Problem Statement

Given is a string $S$. From this string, Takahashi will make a new string $T$ as follows.

• First, mark one or more characters in $S$. Here, no two marked characters should be adjacent.
• Next, delete all unmarked characters.
• Finally, let $T$ be the remaining string. Here, it is forbidden to change the order of the characters.

How many strings are there that can be obtained as $T$? Find the count modulo $(10^9 + 7)$.

Constraints

• $S$ is a string of length between $1$ and $2 \\times 10^5$ (inclusive) consisting of lowercase English letters.

---

Input

Input is given from Standard Input in the following format:

$S$

Output

Print the number of different strings that can be obtained as $T$, modulo $(10^9 + 7)$.

---

Sample Input 1

abc

Sample Output 1

4

There are four strings that can be obtained as $T$: a, b, c, and ac.

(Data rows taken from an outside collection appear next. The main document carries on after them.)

Lemma SFT_of_memory {A} (X : point A -> Prop) (R : nat) :
  shift_space X -> (forall z, locally_in X R z -> X z) -> SFT X.
Proof.
  intros HX Hmem. split; [exact HX|]. pose proof HX as [[la Hla] _].
  set (forbidden := fun w => if excluded_middle_informative (is_word X w) then false else true).
  exists (filter forbidden (words la (2 * R + 1))). intros x. split.
  - intros Hx w Hw i Hocc. apply filter_In in Hw as [_ Hw]. unfold forbidden in Hw.
    destruct (excluded_middle_informative (is_word X w)) as [_|Hnw]; [discriminate|].
    apply Hnw. exists x, i. auto.
  - intros Hx. apply Hmem. intros i.
    set (w := window x (i - Z.of_nat R) (2 * R + 1)).
    assert (Hw : is_word X w).
    { apply NNPP. intros Hnw. apply (Hx w) with (i - Z.of_nat R); [|apply occurs_at_window].
      apply filter_In. split.
      - apply words_complete; [apply window_length|intros; apply Hla].
      - unfold forbidden. destruct (excluded_middle_informative (is_word X w)); tauto. }
    destruct Hw as [y [j [Hy Hocc]]].
    exists (shift_by (j - (i - Z.of_nat R)) y). split; [apply shift_space_shift_by; auto|].
    intros s Hs. unfold shift_by.
    rewrite <- (Hocc (Z.to_nat (s - (i - Z.of_nat R))) (x s)); [f_equal; lia|].
    unfold w. rewrite nth_error_window by lia. do 2 f_equal. lia.
Qed.

Definition repeat_block {A} (x : point A) (c : Z) (P : nat) : point A :=
  fun s => x (c + s mod Z.of_nat P).

Lemma repeat_block_periodic {A} (x : point A) c P : (0 < P)%nat -> periodic (repeat_block x c P) P.
Proof.
  intros HP. split; auto. intros s. unfold repeat_block.
  rewrite <- (Z.mul_1_l (Z.of_nat P)) at 1. rewrite Z_mod_plus_full. reflexivity.
Qed.
Lemma surv_mono_S t n : (1 <= n)%nat -> surv t n <= surv t (S n).
Proof.
  revert n. induction t; intros n Hn.
  - unfold surv. simpl. destruct n as [|[|n]]; [lia | simpl; lra | simpl; lra].
  - enough (0 <= surv (S t) (S n) - surv (S t) n) by lra.
    rewrite !surv_S by lia. rewrite expect_diff_by_parts by auto.
    apply psum_nonneg. intros [|k] Hk; [rewrite weight_at_0; auto; lra |].
    apply Rmult_le_pos; [apply weight_nonneg; auto |].
    assert (surv t (S k) <= surv t (S (S k))) by (apply IHt; lia). lra.
Qed.

Lemma surv_mono t n m : (1 <= n <= m)%nat -> surv t n <= surv t m.
Proof.
  intros [H1 H2]. induction H2; [lra |].
  apply Rle_trans with (surv t m); auto. apply surv_mono_S; lia.
Qed.

Lemma dmean_nonneg T n : (1 <= n)%nat -> 0 <= dmean T n.
Proof.
  intros Hn. unfold dmean, pmean. rewrite <- psum_minus. apply psum_nonneg. intros.
  pose proof (surv_mono_S k n Hn). lra.
Qed.

Lemma pmean_gap T n m : (1 <= n <= m)%nat ->
  psum (fun t => Rabs (surv t m - surv t n)) T = pmean T m - pmean T n.
Proof.
  intros Hnm. unfold pmean. rewrite <- psum_minus. apply psum_ext. intros.
  pose proof (surv_mono k n m Hnm). rewrite Rabs_right; lra.
Qed.

Lemma pmean_gap_le T n m K : (1 <= n <= m)%nat -> 0 <= K ->
  (forall k, (1 <= k)%nat -> INR k * dmean T k <= K) ->
  pmean T m - pmean T n <= INR (m - n) * (K / INR n).
Proof.
  intros [Hn Hnm] HK HD. induction Hnm; [rewrite Nat.sub_diag; simpl; lra |].
  replace (S m - n)%nat with (S (m - n)) by lia. rewrite S_INR.
  assert (dmean T m <= K / INR n).
  { specialize (HD m ltac:(lia)).
    assert (1 <= INR n) by (apply (le_INR 1); auto). assert (INR n <= INR m) by (apply le_INR; auto).
    pose proof (dmean_nonneg T m ltac:(lia)).
    apply (Rmult_le_reg_l (INR n)); [lra |]. unfold Rdiv.
    rewrite <- Rmult_assoc, (Rmult_comm (INR n) K), Rmult_assoc, Rinv_r by lra. nra. }
  unfold dmean in *. lra.
Qed.

Lemma cdfY_le_devY alpha dn n k : (1 <= n)%nat -> (k <= n)%nat ->
  INR k < (alpha - Rabs dn) * INR n -> cdfY p n k <= devY p alpha dn n.
Proof.
  intros Hn Hk Hlt. unfold devY. rewrite cdfY_psum, sum_f_R0_psum.
  set (g := fun j => if Rlt_dec (dn * INR n) (Rabs (INR j - alpha * INR n)) then p n j else 0).
  assert (Hg : forall j, 0 <= g j) by (intros j; unfold g; destruct Rlt_dec; [auto | lra]).
  apply Rle_trans with (psum g (S k)); [| apply psum_mono; [auto | lia]].
  apply psum_le. intros j Hj. unfold g. destruct Rlt_dec as [_ | Hc]; [lra | exfalso; apply Hc].
  assert (INR j <= INR k) by (apply le_INR; lia).
  pose proof (Ropp_le_abs (INR j - alpha * INR n)). pose proof (Rle_abs dn). pose proof (pos_INR n).
  nra.
Qed.

Lemma tail_le_devY alpha dn m k : (1 <= m)%nat -> (k < m)%nat ->
  (alpha + Rabs dn) * INR m <= INR k -> 1 - cdfY p m k <= devY p alpha dn m.
Proof.
  intros Hm Hk Hle. unfold devY. rewrite cdfY_psum, sum_f_R0_psum, <- (mass_psum m Hm).
  apply psum_tail_le; [lia | intros j; destruct Rlt_dec; [auto | lra] |].
  intros j Hj. destruct Rlt_dec as [_ | Hc]; [lra | exfalso; apply Hc].
  assert (INR k + 1 <= INR j) by (rewrite <- S_INR; apply le_INR; lia).
  pose proof (Rle_abs (INR j - alpha * INR m)). pose proof (Rle_abs dn). pose proof (pos_INR m).
  nra.
Qed.

(** ** The key estimate: n * dmean T n = O(1) *)

Section KeyBound.

Variables alpha eps Cm Cc Cd : R.
Variable delta : nat -> R.
Variables Nm Nc Nd : nat.
Hypotheses (Halpha : 0 < alpha < 1) (Heps : 0 < eps).
Hypotheses (HCm : 0 <= Cm) (HCc : 0 <= Cc) (HCd : 0 <= Cd).
Hypothesis Hdelta : forall n, (Nd <= n)%nat -> Rabs (delta n) <= Cd * Rpower (ln (INR n)) (-1 - eps).
Hypothesis Hmean : forall n, (Nm <= n)%nat -> EY p (S n) - EY p n <= alpha + Cm * Rabs (delta n).
Hypothesis Hconc : forall n, (Nc <= n)%nat -> devY p alpha (delta n) n <= Cc * Rpower (INR n) (-2 - eps).

(* Y_(n+1) rarely exceeds beta n, a cut-off strictly between alpha n and n. *)
Definition beta : R := (1 + alpha) / 2.

(* The constants of the comparison function, chosen so that phi_gap pays for
   the mean error (ii) and for the deviation probabilities (iii). *)
Definition ratio_const : R := 2 * (Cm + 1) / alpha.
Definition K1 : R := ratio_const * Cd / (eps * - ln beta).
Definition a_const : R := 2 * Cc / (Rpower beta (- eps) - 1).
Definition phi_key (x : R) : R := phi K1 a_const eps x.

Lemma beta_bounds : 0 < beta < 1.
Proof. unfold beta. lra. Qed.

Lemma K1_nonneg : 0 <= K1.
Proof.
  pose proof (ln_neg beta beta_bounds). unfold K1, ratio_const.
  apply Rmult_le_pos; [| apply Rlt_le, Rinv_0_lt_compat; nra].
  apply Rmult_le_pos; [| lra]. apply Rmult_le_pos; [lra | apply Rlt_le, Rinv_0_lt_compat; lra].
Qed.

Lemma a_const_nonneg : 0 <= a_const.
Proof.
  pose proof (Rpower_opp_gt_1 beta eps beta_bounds Heps). unfold a_const.
  apply Rmult_le_pos; [lra | apply Rlt_le, Rinv_0_lt_compat; lra].
Qed.

Lemma phi_key_mono x y : 1 < x -> x <= y -> phi_key x <= phi_key y.
Proof. apply phi_mono; [apply K1_nonneg | apply a_const_nonneg | auto]. Qed.

Lemma phi_key_le_1 x : phi_key x <= 1.
Proof. apply phi_le_1; [apply K1_nonneg | apply a_const_nonneg]. Qed.

Lemma ratio_bound d : 0 <= d <= alpha / 2 -> (alpha + Cm * d) / (alpha - d) <= 1 + ratio_const * d.
Proof.
  intros Hd. apply (Rmult_le_reg_r (alpha - d)); [lra |].
  unfold Rdiv. rewrite Rmult_assoc, Rinv_l, Rmult_1_r by lra. unfold ratio_const.
  assert (E : 2 * (Cm + 1) / alpha * alpha = 2 * (Cm + 1)) by (field; lra).
  assert (2 * (Cm + 1) / alpha * d <= Cm + 1).
  { apply (Rmult_le_reg_r alpha); [lra |].
    replace (2 * (Cm + 1) / alpha * d * alpha) with (2 * (Cm + 1) * d) by (field; lra). nra. }
  unfold Rdiv in *. nra.
Qed.
Lemma noisy_meas_idiff k : (k.+1 < d)%N ->
  vnat b (2 * d - 1 + k) =
    cabs (coordn k + 'i%C * coordn k.+1) ^+ 2 + vnat eps (2 * d - 1 + k).
Proof.
move=> hk; rewrite vnat_noisy_meas; last by lia.
have [h1 h2] : (2 * d - 1 + k < d)%N = false /\ (2 * d - 1 + k < 2 * d - 1)%N = false
  by split; lia.
by rewrite /fvec h1 h2 addKn cinnerBi.
Qed.

End Measurements.

Definition overlap_estimate (R : rcfType) (d : nat) (b : 'I_(3 * d - 2) -> R) (k : nat) :=
  polar_estimate (vnat b k) (vnat b k.+1) (vnat b (d + k)) (vnat b (2 * d - 1 + k)).

Fixpoint recon (R : rcfType) (d : nat) (b : 'I_(3 * d - 2) -> R) (k : nat) : R[i] :=
  if k is k'.+1 then (overlap_estimate b k')^*%C * recon b k' / (vnat b k')%:C%C
  else (Num.sqrt (vnat b 0))%:C%C.

Lemma cabs_phase (R : rcfType) (z : R[i]) :
  z != 0 -> cabs (z^*%C / (cabs z)%:C%C) = 1.
Proof.
move=> z0; have cz0 : 0 < cabs z.
  by rewrite lt_def cabs_ge0 andbT; apply: contra_neq z0 => /cabs_eq0.
by rewrite cabs_divr // cabsJ divff // gt_eqF.
Qed.

Section ReconstructionError.
Variables (R : rcfType) (d : nat) (e : 'I_d -> 'I_d -> R[i]) (x : 'I_d -> R[i]).
Variables (eps : 'I_(3 * d - 2) -> R) (m : R).
Hypothesis m_gt0 : 0 < m.
Let nx := coord_supnorm e x.
Let ne := supnorm eps.
Let b := noisy_meas e x eps.
Hypothesis coord_large :
  forall j, (j < d)%N -> m * nx ^+ 2 <= cabs (coordn e x j) ^+ 2 - `|vnat eps j|.

Lemma overlap_estimate_error k : (k.+1 < d)%N ->
  cabs (overlap_estimate b k - coordn e x k * (coordn e x k.+1)^*%C)
    <= (1 + Num.sqrt 2) * ne.
Proof.
move=> hk; rewrite /overlap_estimate noisy_meas_coord 1?noisy_meas_coord //; last by lia.
rewrite noisy_meas_diff // noisy_meas_idiff // polar_estimateD polarization addrC addKr.
by apply: polar_estimate_noise; apply: normr_vnat_le.
Qed.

Marking the first character of $S$ yields a;

marking the second character of $S$ yields b;

marking the third character of $S$ yields c;

marking the first and third characters of $S$ yields ac.

Note that it is forbidden to, for example, mark both the first and second characters.

---

Sample Input 2

aa

Sample Output 2

1

There is just one string that can be obtained as $T$, which is a. Note that marking different positions may result in the same string.

---

Sample Input 3

acba

Sample Output 3

6

There are six strings that can be obtained as $T$: a, b, c, aa, ab, and ca.

---

Sample Input 4

chokudai

Sample Output 4

54